ASSIGNED TASK:
Every line below that holds the string "list" should be copied.

[Stored items]
Lemma link_spec t t' : tower_adj U t t' ->
  B t (fst (link t t')) /\ B t' (snd (link t t')) /\ adj U (fst (link t t')) (snd (link t t')).
Proof.
  intros Htt'. unfold link. apply epsilon_spec.
  destruct (B_touch t t' Htt') as [x [y Hxy]]. now exists (x, y).
Qed.

Definition spine_spec (t : node U) (x : vertex U) (l : list (vertex U)) : Prop :=
  (forall u, In u l -> B t u) /\ In x l /\
  forall u, In u l -> clos_refl_trans _ (adj_in U (fun w => In w l)) (root t) u.

Definition spine (t : node U) (x : vertex U) : list (vertex U) :=
  epsilon (inhabits []) (spine_spec t x).

Lemma spine_correct t x : B t x -> spine_spec t x (spine t x).
Proof.
  intros Hx. unfold spine. apply epsilon_spec, rt_adj_in_finite; [|apply root_spec].
  apply (proj2 (B_connected t)); auto using root_spec.
Qed.

(* A request (i, x) asks for branch set i to reach the vertex x of
   B (firstn i q) along a spine. Stage q opens branch set |q| at the root of
   B q and, for each i < |q|, joins branch sets i and |q| by the link edge
   between B (firstn i q) and B q. *)
Definition requests (q : node U) : list (nat * vertex U) :=
  (length q, root q) ::
  flat_map (fun i => [(i, fst (link (firstn i q) q)); (length q, snd (link (firstn i q) q))])
    (seq 0 (length q)).

Definition stage (q : node U) : list (nat * vertex U) :=
  flat_map (fun r => map (pair (fst r)) (spine (firstn (fst r) q) (snd r))) (requests q).

Definition realize (s : node U) : node U :=
  map (fun j => stage (firstn j s)) (seq 0 (S (length s))).

Lemma tower_adj_firstn s i j :
  tower U s -> i < j -> j <= length s -> tower_adj U (firstn i s) (firstn j s).
Proof.
  intros Hs Hij Hj. split; [|split; [|split]].
  - now apply tower_firstn.
  - now apply tower_firstn.
  - intros E. apply (f_equal (@length _)) in E. rewrite !firstn_length_le in E; lia.
  - left. rewrite <- (firstn_firstn_le s i j) by lia. apply prefix_firstn.
Qed.

Lemma In_stage q i u :
  In (i, u) (stage q) <-> exists x, In (i, x) (requests q) /\ In u (spine (firstn i q) x).
Proof.
  unfold stage. rewrite in_flat_map. split.
  - intros [[i' x] [Hr Hu]]. apply in_map_iff in Hu as [w [E Hw]].
    injection E as -> ->. now exists x.
  - intros [x [Hr Hu]]. exists (i, x). split; [exact Hr|]. apply in_map_iff. now exists u.
Qed.

Lemma requests_spec q i x :
  tower U q -> In (i, x) (requests q) -> i <= length q /\ B (firstn i q) x.
Proof.
  intros Hq [E|Hr].
  - injection E as <- <-. rewrite firstn_all. auto using root_spec.
  - apply in_flat_map in Hr as [k [Hk Hr]]. apply in_seq in Hk.
    pose proof (link_spec _ _ (tower_adj_firstn q k (length q) Hq ltac:(lia) (le_n _)))
      as [Hfst [Hsnd _]].
    rewrite firstn_all in Hfst, Hsnd.
    destruct Hr as [E|[E|[]]]; injection E as <- <-; rewrite ?firstn_all; split; auto; lia.
Qed.

Lemma request_in_stage q i x : tower U q -> In (i, x) (requests q) -> In (i, x) (stage q).
Proof.
  intros Hq Hr. apply In_stage. exists x. split; [exact Hr|].
  apply spine_correct, (requests_spec q i x Hq Hr).
Qed.

Lemma length_realize s : length (realize s) = S (length s).
Proof. unfold realize. now rewrite length_map, length_seq. Qed.

Lemma branch_realize s i u :
  branch U i (realize s) u <-> exists j, j <= length s /\ In (i, u) (stage (firstn j s)).
Proof.
  unfold branch, realize. split.
  - intros [st [Hst Hu]]. apply in_map_iff in Hst as [j [<- Hj]]. apply in_seq in Hj.
    exists j. split; [lia|exact Hu].
  - intros [j [Hj Hu]]. exists (stage (firstn j s)). split; [|exact Hu].
    apply in_map_iff. exists j. split; [reflexivity|]. apply in_seq. lia.
Qed.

EXERCISE OUTPUT:
Definition spine_spec (t : node U) (x : vertex U) (l : list (vertex U)) : Prop :=
Definition spine (t : node U) (x : vertex U) : list (vertex U) :=
Definition requests (q : node U) : list (nat * vertex U) :=
Definition stage (q : node U) : list (nat * vertex U) :=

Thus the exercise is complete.